Associations between proposed risk factors and ORL were evaluated using the chi-square test of independence or Fisher’s exact test (where expected cell values were less than 5) for categorical variables, and Student’s t-test for continuous data with a Gaussian distribution.18 The effects of variables significant at a p value of 0.20 or less were evaluated further to control for potentially confounding variables using unconditional logistic regression where the dependent variable was the presence or absence of ORL.19 The model parameters were obtained by maximum likelihood estimation using the computer program EGRET.a The models were constructed using a forward stepwise approach.
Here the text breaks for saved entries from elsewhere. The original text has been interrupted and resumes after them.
(* Let $Y$ be a real Banach space with a finite-dimensional decomposition $(Q_j)_{j\ge1}$ and let $X$ be a closed subspace of $Y$. Then for every $\delta>0$ there exists an invertible bounded operator $T:Y\to Y$ with $\|T-I\|<\delta$ such that $X$ satisfies the density condition with respect to the FDD $(TQ_jT^{-1})_{j\ge1}$.
   Context: A finite-dimensional decomposition (FDD) of $Y$ is a sequence of finite-rank projections $(Q_j)_{j\ge1}$ with $Q_iQ_j=0$ for $i\ne j$ and $y=\sum_j Q_jy$ for all $y\in Y$. A subspace $X$ of $Y$ satisfies the density condition with respect to the FDD $(Q_j)$ if there is a dense subset $D$ of $X$ such that for every $x\in D$ there is $n=n(x)\in\mathbb N$ with $x=\sum_{j=1}^nQ_jx$. *)

From Stdlib Require Import Reals.
Open Scope R_scope.

Record BanachSpace := {
  bs_car :> Type;
  bs_zero : bs_car;
  bs_add : bs_car -> bs_car -> bs_car;
  bs_opp : bs_car -> bs_car;
  bs_scal : R -> bs_car -> bs_car;
  bs_norm : bs_car -> R;
  bs_add_assoc : forall x y z, bs_add x (bs_add y z) = bs_add (bs_add x y) z;
  bs_add_comm : forall x y, bs_add x y = bs_add y x;
  bs_add_zero : forall x, bs_add x bs_zero = x;
  bs_add_opp : forall x, bs_add x (bs_opp x) = bs_zero;
  bs_scal_assoc : forall a b x, bs_scal a (bs_scal b x) = bs_scal (a * b) x;
  bs_scal_one : forall x, bs_scal 1 x = x;
  bs_scal_distr_l : forall a x y,
      bs_scal a (bs_add x y) = bs_add (bs_scal a x) (bs_scal a y);
  bs_scal_distr_r : forall a b x,
      bs_scal (a + b) x = bs_add (bs_scal a x) (bs_scal b x);
  bs_norm_eq0 : forall x, bs_norm x = 0 -> x = bs_zero;
  bs_norm_scal : forall a x, bs_norm (bs_scal a x) = Rabs a * bs_norm x;
  bs_norm_triangle : forall x y, bs_norm (bs_add x y) <= bs_norm x + bs_norm y;
  bs_complete : forall u : nat -> bs_car,
      (forall eps, 0 < eps -> exists N, forall m n, (N <= m)%nat -> (N <= n)%nat ->
          bs_norm (bs_add (u m) (bs_opp (u n))) < eps) ->
      exists l, forall eps, 0 < eps -> exists N, forall n, (N <= n)%nat ->
          bs_norm (bs_add (u n) (bs_opp l)) < eps
}.

Arguments bs_zero {b0}.
Arguments bs_add {b0}.
Arguments bs_opp {b0}.
Arguments bs_scal {b0}.
Arguments bs_norm {b0}.

Section Ops.
Variable Y : BanachSpace.

Definition dist (x y : Y) : R := bs_norm (bs_add x (bs_opp y)).

Definition converges_to (u : nat -> Y) (l : Y) : Prop :=
  forall eps, 0 < eps -> exists N, forall n, (N <= n)%nat -> dist (u n) l < eps.

Definition is_linear (T : Y -> Y) : Prop :=
  (forall x y, T (bs_add x y) = bs_add (T x) (T y)) /\
  (forall a x, T (bs_scal a x) = bs_scal a (T x)).

Definition is_bounded (T : Y -> Y) : Prop :=
  exists C, forall x, bs_norm (T x) <= C * bs_norm x.

Definition bounded_operator (T : Y -> Y) : Prop := is_linear T /\ is_bounded T.

Definition is_inverse_op (T S : Y -> Y) : Prop :=
  bounded_operator S /\ (forall x, S (T x) = x) /\ (forall x, T (S x) = x).

(* operator norm of T - I is < delta (the supremum of ||Tx - x|| over the
   unit ball is < delta iff it is bounded by some c < delta) *)
Definition opnorm_T_minus_I_lt (T : Y -> Y) (delta : R) : Prop :=
  exists c, c < delta /\ forall x, bs_norm (bs_add (T x) (bs_opp x)) <= c * bs_norm x.

Fixpoint lincomb (c : nat -> R) (v : nat -> Y) (n : nat) : Y :=
  match n with
  | O => bs_zero
  | S k => bs_add (lincomb c v k) (bs_scal (c k) (v k))
  end.

Definition finite_rank (P : Y -> Y) : Prop :=
  exists n (v : nat -> Y), forall x, exists c : nat -> R, P x = lincomb c v n.

Definition finite_rank_projection (P : Y -> Y) : Prop :=
  bounded_operator P /\ finite_rank P /\ (forall x, P (P x) = P x).

Fixpoint psum (Q : nat -> Y -> Y) (y : Y) (n : nat) : Y :=
  match n with
  | O => bs_zero
  | S k => bs_add (psum Q y k) (Q k y)
  end.

(* finite-dimensional decomposition (indexed from 0 instead of 1) *)
Definition is_FDD (Q : nat -> Y -> Y) : Prop :=
  (forall j, finite_rank_projection (Q j)) /\
  (forall i j, i <> j -> forall x, Q i (Q j x) = bs_zero) /\
  (forall y, converges_to (psum Q y) y).

Definition closed_subspace (X : Y -> Prop) : Prop :=
  X bs_zero /\
  (forall x y, X x -> X y -> X (bs_add x y)) /\
  (forall a x, X x -> X (bs_scal a x)) /\
  (forall u l, (forall n, X (u n)) -> converges_to u l -> X l).

Definition density_condition (X : Y -> Prop) (Q : nat -> Y -> Y) : Prop :=
  exists D : Y -> Prop,
    (forall x, D x -> X x) /\
    (forall x, X x -> forall eps, 0 < eps -> exists d, D d /\ dist x d < eps) /\
    (forall x, D x -> exists n, x = psum Q x n).

End Ops.

Arguments dist {Y}.

From Pilot Require Import Defs.
From Stdlib Require Import Reals Lra Lia ClassicalEpsilon Classical ZArith Cantor.
Open Scope R_scope.

(* Let P_N = Q_0 + ... + Q_{N-1}.  These bounded finite-rank operators converge
   pointwise to the identity; hence Y is separable (X has a dense sequence g_k),
   and for every g_k outside span(g_0, ..., g_{k-1}) there is a bounded linear
   functional phi_k killing g_0, ..., g_{k-1} with phi_k(g_k) = 1 (a finite
   Hahn-Banach statement obtained from coordinates in the range of some P_N).
   Recursively put  r_k = g_k - sum_{j<k} phi_j(g_k) u_j  and  u_k = r_k - P_m r_k
   with m so large that ||phi_k|| ||u_k|| <= eps 2^{-k-1}.  Then
   R = sum_k phi_k(.) u_k has norm <= eps, and I - R maps every g_k to a vector
   with finite expansion (P_m r_k for new g_k, a combination of earlier ones
   otherwise).  With T = (I - R)^{-1} given by the Neumann series, the FDD
   (T Q_j (I - R)) expands every g_k in finitely many terms. *)

Fixpoint Rsum (f : nat -> R) (n : nat) : R :=
  match n with O => 0 | S k => Rsum f k + f k end.

Lemma Rsum_le f g n : (forall i, (i < n)%nat -> f i <= g i) -> Rsum f n <= Rsum g n.
Proof.
  induction n; intro H; simpl. lra.
  assert (f n <= g n) by (apply H; lia).
  assert (Rsum f n <= Rsum g n) by (apply IHn; intros; apply H; lia). lra.
Qed.
Lemma Rsum_nonneg f n : (forall i, (i < n)%nat -> 0 <= f i) -> 0 <= Rsum f n.
Proof.
  induction n; intro H; simpl. lra.
  assert (0 <= f n) by (apply H; lia).
  assert (0 <= Rsum f n) by (apply IHn; intros; apply H; lia). lra.
Qed.
Lemma Rsum_ge_term f n i : (forall j, (j < n)%nat -> 0 <= f j) -> (i < n)%nat -> f i <= Rsum f n.
Proof.
  induction n; intros H Hi. lia. simpl. destruct (Nat.eq_dec i n) as [->|Hne].
  - assert (0 <= Rsum f n) by (apply Rsum_nonneg; intros; apply H; lia). lra.
  - assert (f i <= Rsum f n) by (apply IHn; [intros; apply H; lia| lia]).
    assert (0 <= f n) by (apply H; lia). lra.
Qed.
Lemma Rsum_nonneg_eq0 f n : (forall j, (j < n)%nat -> 0 <= f j) -> Rsum f n <= 0 ->
  forall i, (i < n)%nat -> f i = 0.
Proof. intros H H0 i Hi. pose proof (Rsum_ge_term f n i H Hi). pose proof (H i Hi). lra. Qed.
Lemma Rsum_scal a f n : Rsum (fun i => a * f i) n = a * Rsum f n.
Proof. induction n; simpl. ring. rewrite IHn. ring. Qed.

Lemma eventually_forall_lt (P : nat -> nat -> Prop) n :
  (forall i, (i < n)%nat -> exists N, forall k, (N <= k)%nat -> P i k) ->
  exists N, forall i, (i < n)%nat -> forall k, (N <= k)%nat -> P i k.
Proof.
  induction n; intro H. exists O. intros; lia.
  destruct IHn as [N1 H1]. { intros; apply H; lia. }
  destruct (H n ltac:(lia)) as [N2 H2]. exists (N1 + N2)%nat. intros i Hi k Hk.
  destruct (Nat.eq_dec i n) as [->|Hne]. apply H2; lia. apply H1; lia.
Qed.

Lemma inv_succ_small eps : 0 < eps -> exists N, forall k, (N <= k)%nat -> / INR (S k) < eps.
Proof.
  intros Heps. destruct (archimed_cor1 eps Heps) as [N [HN HN0]].
  exists N. intros k Hk. apply Rle_lt_trans with (/ INR N); [|exact HN].
  apply Rinv_le_contravar. apply lt_0_INR; exact HN0. apply le_INR. lia.
Qed.

Definition grid_point (M p : nat) : R :=
  let (a, b) := Cantor.of_nat p in (INR a - INR b) / INR (S M).

Lemma IZR_as_nat_difference k : IZR k = INR (Z.to_nat k) - INR (Z.to_nat (- k)).
Proof.
  destruct k; simpl.
  - lra.
  - rewrite INR_IZR_INZ, positive_nat_Z. lra.
  - rewrite INR_IZR_INZ, positive_nat_Z, <- Pos2Z.opp_pos, opp_IZR. lra.
Qed.

Lemma grid_point_approx x M : exists p, Rabs (x - grid_point M p) <= / INR (S M).
Proof.
  set (k := up (x * INR (S M))). destruct (archimed (x * INR (S M))) as [H1 H2]. fold k in H1, H2.
  exists (Cantor.to_nat (Z.to_nat k, Z.to_nat (- k))). unfold grid_point. rewrite Cantor.cancel_of_to.
  rewrite <- IZR_as_nat_difference. assert (HM : 0 < INR (S M)) by (apply lt_0_INR; lia).
  replace (x - IZR k / INR (S M)) with (- (IZR k - x * INR (S M)) / INR (S M)) by (field; lra).
  unfold Rdiv. rewrite Rabs_mult, Rabs_Ropp, Rabs_right by lra.
  rewrite Rabs_right by (apply Rle_ge, Rlt_le, Rinv_0_lt_compat; lra).
  assert (0 < / INR (S M)) by (apply Rinv_0_lt_compat; lra). nra.
Qed.

(* A natural number codes a finite sequence of naturals by iterated pairing. *)
Fixpoint code_tail (i c : nat) : nat := match i with O => c | S k => code_tail k (snd (Cantor.of_nat c)) end.
Definition code_nth (code i : nat) : nat := fst (Cantor.of_nat (code_tail i code)).

Lemma code_exists (t : nat -> nat) r : exists code, forall i, (i < r)%nat -> code_nth code i = t i.
Proof.
  revert t. induction r; intro t. exists O. intros; lia.
  destruct (IHr (fun i => t (S i))) as [c Hc]. exists (Cantor.to_nat (t O, c)).
  intros [|i] Hi; unfold code_nth; cbn [code_tail]; rewrite Cantor.cancel_of_to.
  - reflexivity.
  - apply Hc. lia.
Qed.

Section Banach.
Variable Y : BanachSpace.
Local Notation "x +v y" := (@bs_add Y x y) (at level 50, left associativity).
Local Notation "-v x" := (@bs_opp Y x) (at level 35, right associativity).
Local Notation "a *v x" := (@bs_scal Y a x) (at level 40).
Local Notation "'nrm' x" := (@bs_norm Y x) (at level 10, x at level 9).
Local Notation "0v" := (@bs_zero Y).

Lemma add0l (x : Y) : 0v +v x = x.
Proof. rewrite bs_add_comm. apply bs_add_zero. Qed.
Lemma addNl (x : Y) : -v x +v x = 0v.
Proof. rewrite bs_add_comm. apply bs_add_opp. Qed.
Lemma addA (x y z : Y) : x +v (y +v z) = x +v y +v z.
Proof. apply bs_add_assoc. Qed.
Lemma addC (x y : Y) : x +v y = y +v x.
Proof. apply bs_add_comm. Qed.
Lemma addACA (a b c d : Y) : (a +v b) +v (c +v d) = (a +v c) +v (b +v d).
Proof. rewrite <- !addA. f_equal. rewrite !addA. f_equal. apply addC. Qed.
Lemma addI (x y z : Y) : x +v y = x +v z -> y = z.
Proof.
  intro H. rewrite <- (add0l y), <- (add0l z), <- (addNl x), <- !addA, H. reflexivity.
Qed.
Lemma add_eq0 (x y : Y) : x +v y = 0v -> x = -v y.
Proof.
  intro H. rewrite <- (bs_add_zero _ x), <- (bs_add_opp _ y), addA, H, add0l. reflexivity.
Qed.
Lemma subrr (x : Y) : x +v -v x = 0v.
Proof. apply bs_add_opp. Qed.
Lemma scal0l (x : Y) : 0 *v x = 0v.
Proof.
  apply (addI (0 *v x)). rewrite bs_add_zero, <- bs_scal_distr_r. f_equal. ring.
Qed.
Lemma scal0r (a : R) : a *v 0v = 0v.
Proof.
  apply (addI (a *v 0v)). rewrite bs_add_zero, <- bs_scal_distr_l, bs_add_zero. reflexivity.
Qed.
Lemma opp_scal (x : Y) : -v x = (-1) *v x.
Proof.
  apply (addI x). rewrite subrr. rewrite <- (bs_scal_one _ x) at 1.
  rewrite <- bs_scal_distr_r. replace (1 + -1) with 0 by ring. rewrite scal0l. reflexivity.
Qed.
Lemma scal_opp (a : R) (x : Y) : a *v (-v x) = -v (a *v x).
Proof. rewrite !opp_scal, !bs_scal_assoc. f_equal. ring. Qed.
Lemma opp_add (x y : Y) : -v (x +v y) = -v x +v -v y.
Proof. rewrite !opp_scal, bs_scal_distr_l. reflexivity. Qed.
Lemma oppK (x : Y) : -v -v x = x.
Proof. rewrite !opp_scal, bs_scal_assoc. replace (-1 * -1) with 1 by ring. apply bs_scal_one. Qed.
Lemma opp0 : -v 0v = 0v.
Proof. rewrite opp_scal. apply scal0r. Qed.
Lemma sub_telescope (x y z : Y) : x +v -v z = (x +v -v y) +v (y +v -v z).
Proof. rewrite <- addA, (addA (-v y)), addNl, add0l. reflexivity. Qed.
Lemma sub_add2 (a b c d : Y) : (a +v b) +v -v (c +v d) = (a +v -v c) +v (b +v -v d).
Proof. rewrite opp_add. apply addACA. Qed.
Lemma scal_sub (a : R) (x y : Y) : a *v x +v -v (a *v y) = a *v (x +v -v y).
Proof. rewrite bs_scal_distr_l, scal_opp. reflexivity. Qed.
Lemma addKsub (a b c : Y) : a +v ((b +v -v a) +v -v c) = b +v -v c.
Proof. rewrite !addA. f_equal. rewrite (addC a b), <- addA, subrr, bs_add_zero. reflexivity. Qed.
Lemma subKsub (a b : Y) : a +v -v (a +v -v b) = b.
Proof. rewrite opp_add, oppK, addA, subrr, add0l. reflexivity. Qed.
The assessment of interactions was attempted, but the small sample size resulted in failure to converge in most models. The significance of variables in the models was determined by evaluating the likelihood ratio chi-square statistic in each step of the fitting process. In light of the small numbers, variables significant at a p value of 0.10 or less were retained in the final model. The regression coefficients were exponentiated to obtain the adjusted odds ratio (OR) for each parameter.

Results

Thirty-five cats with ORL and 32 without were identified, of which 33 cases (94%) and 27 controls (84%) were interviewed respectively. Reasons for nonparti-cipation included being too busy, death of a cat, and travel. There were more females in the case group (51.5%) than in the control (40.7%) group, but the difference was not significant. All cats were neutered, and most were of mixed breed (94%). Cases were, on average, a year older than controls, but both groups had been owned an average of 7.5 years and had a mean weight between 11 and 12 pounds [Table 1].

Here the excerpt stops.